The EPP will not be voting in favour of the S&D’s amendment.

Indeed the draft report of the PANA committee, which came to Malta on a fact-finding mission in February 2017, had refuted any claims of Malta being a tax haven.  The Maltese tax system was described as being “very attractive and in line with current international and EU standards as regards harmful tax competition.” But finance minster Edward Scicluna admitted that the Maltese tax system can be prone to abuse and confirmed that Malta disagreed with Commission proposals on specific tax issues such as common taxation.

In a statement, the three Labour MEPs said they would fight against any attempt that could undermine Maltese financial services “even from our same political group”.

The MEPs said they would fight to protect Malta’s taxation system, which it said was in line with OECD standards and also confirmed by the PANA committee’s draft report.

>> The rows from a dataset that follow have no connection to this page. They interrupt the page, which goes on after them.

(* Let $V$ be a vector space over a field $F$ and let $n\ge 2$. If a widget with $n$ pairs in $V$ contains a legal subwidget, then the widget itself is legal.
   Context: A widget with $n$ pairs in $V$ is an indexed family of $n$ pairs of vectors $p_j=(p_j^+,p_j^-)$, $j=1,\dots,n$, in $V$. A section of a widget is a set of points containing at most one point from each pair. A widget with $n$ pairs is legal if every section spans a linear subspace of $V$ of dimension at most $n-1$. A subwidget of a widget with $n$ pairs is the widget formed by some $k$ of its pairs with $1\le k<n$; it is itself a widget with $k$ pairs, so it is legal if every one of its sections spans a subspace of dimension at most $k-1$. *)

From HB Require Import structures.
From mathcomp Require Import all_boot all_order all_algebra.
Set Implicit Arguments. Unset Strict Implicit. Unset Printing Implicit Defensive.
Import GRing.Theory.
Local Open Scope ring_scope.

(* A widget with n pairs in V: w : 'I_n -> V * V, with p_j^+ = (w j).1,
   p_j^- = (w j).2. *)

Definition pt (V : Type) (p : V * V) (b : bool) : V := if b then p.1 else p.2.

(* "The set of points P spans a subspace of dimension at most k":
   span P is contained in the span of some k vectors b_0..b_(k-1),
   i.e. every point of P is a linear combination of them. *)
Definition span_dim_le (F : fieldType) (V : lmodType F) (P : V -> Prop) (k : nat) : Prop :=
  exists b : 'I_k -> V, forall v, P v ->
    exists c : 'I_k -> F, v = \sum_(i < k) c i *: b i.

(* The section of the (sub)widget indexed by S determined by the selection
   s : for each pair j in S, s j = None (no point taken), Some true (p_j^+),
   or Some false (p_j^-). *)
Definition section_pts (F : fieldType) (V : lmodType F) (n : nat)
  (w : 'I_n -> V * V) (S : {set 'I_n}) (s : 'I_n -> option bool) : V -> Prop :=
  fun v => exists j, j \in S /\ exists b, s j = Some b /\ v = pt (w j) b.

Definition legal_on (F : fieldType) (V : lmodType F) (n : nat)
  (w : 'I_n -> V * V) (S : {set 'I_n}) : Prop :=
  forall s : 'I_n -> option bool, span_dim_le (section_pts w S s) (#|S|.-1).

Definition legal (F : fieldType) (V : lmodType F) (n : nat) (w : 'I_n -> V * V) : Prop :=
  legal_on w [set: 'I_n].

From mathcomp Require Import all_boot all_order all_algebra.
From mathcomp Require Import zify.
Set Implicit Arguments. Unset Strict Implicit. Unset Printing Implicit Defensive.
Import GRing.Theory.
Local Open Scope ring_scope.

(* A section of the whole widget splits into a section of the legal subwidget
   on S, spanning at most |S| - 1 dimensions, and a section of the complement,
   whose at most n - |S| points span at most n - |S| dimensions; together they
   span at most n - 1 dimensions. *)

Section SpanDim.

Variables (F : fieldType) (V : lmodType F).

Lemma span_dim_le_sub (P Q : V -> Prop) k :
  (forall v, P v -> Q v) -> span_dim_le Q k -> span_dim_le P k.
Proof. by move=> PQ [b Qb]; exists b => v /PQ /Qb. Qed.

Lemma span_dim_le_or (P Q : V -> Prop) k l :
  span_dim_le P k -> span_dim_le Q l ->
  span_dim_le (fun v => P v \/ Q v) (k + l).
Proof.
move=> [b Pb] [b' Qb'].
exists (fun i => match split i with inl i => b i | inr i => b' i end).
move=> v [/Pb [c ->] | /Qb' [c ->]].
- exists (fun i => match split i with inl i => c i | inr _ => 0 end).
  rewrite big_split_ord /= [X in _ + X]big1 ?addr0 => [|i _].
    by apply: eq_bigr => i _; rewrite (unsplitK (inl i)).
  by rewrite (unsplitK (inr i)) scale0r.
- exists (fun i => match split i with inl _ => 0 | inr i => c i end).
  rewrite big_split_ord /= [X in X + _]big1 ?add0r => [|i _].
    by apply: eq_bigr => i _; rewrite (unsplitK (inr i)).
  by rewrite (unsplitK (inl i)) scale0r.
Qed.

End SpanDim.

Section Sections.

Variables (F : fieldType) (V : lmodType F) (n : nat) (w : 'I_n -> V * V).

Lemma section_ptsU (S T : {set 'I_n}) s v :
  section_pts w (S :|: T) s v -> section_pts w S s v \/ section_pts w T s v.
Proof.
move=> [j [/setUP [jS | jT] pj]]; [left | right]; by exists j.
Qed.

Lemma section_pts_span_dim_le_card (T : {set 'I_n}) s :
  span_dim_le (section_pts w T s) #|T|.
Proof.
exists (fun i => let j := enum_val i in
          if s j is Some b then pt (w j) b else 0).
move=> v [j [jT [b [sj ->]]]].
exists (fun i => if enum_val i == j then 1 else 0).
rewrite (bigD1 (enum_rank_in jT j)) //= enum_rankK_in // eqxx sj scale1r.
rewrite big1 ?addr0 // => i ij; case: eqP => [ej | _]; last by rewrite scale0r.
by move: ij; rewrite -{2}ej enum_valK_in eqxx.
Qed.

Lemma legal_on_setU (S T : {set 'I_n}) :
  (0 < #|S|)%N -> [disjoint S & T] -> legal_on w S -> legal_on w (S :|: T).
Proof.
move=> S_gt0 dST legalS s.
have -> : (#|S :|: T|.-1 = #|S|.-1 + #|T|)%N.
  by rewrite cardsU (disjoint_setI0 dST) cards0 subn0; lia.
apply: span_dim_le_sub (@section_ptsU S T s) _.
exact: span_dim_le_or (legalS s) (section_pts_span_dim_le_card T s).
Qed.

End Sections.

Theorem mainTheorem6 (F : fieldType) (V : lmodType F) (n : nat)
  (w : 'I_n -> V * V) :
  (2 <= n)%N ->
  (exists S : {set 'I_n}, (0 < #|S| < n)%N /\ legal_on w S) ->
  legal w.
Proof.
move=> _ [S [/andP [S_gt0 _] legalS]].
rewrite /legal -(setUCr S).
apply: legal_on_setU S_gt0 _ legalS.
by rewrite -subsets_disjoint.
Qed.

“It is clear that our warnings that continuous attacks against our country would open the door wide open to undermine our financial services sector, were not to be taken lightly. The truth is that there are MEPs who dislike Malta’s success in attracting investment to the country, which is why reference is being made to Malta in a report that actually says out tax system is in line with international requisites. There is a clear reference [in the amendment] that our FDI is larger than the European average. This is all down to a matter of who puts their country before any other interest, irrelevant of their political group.”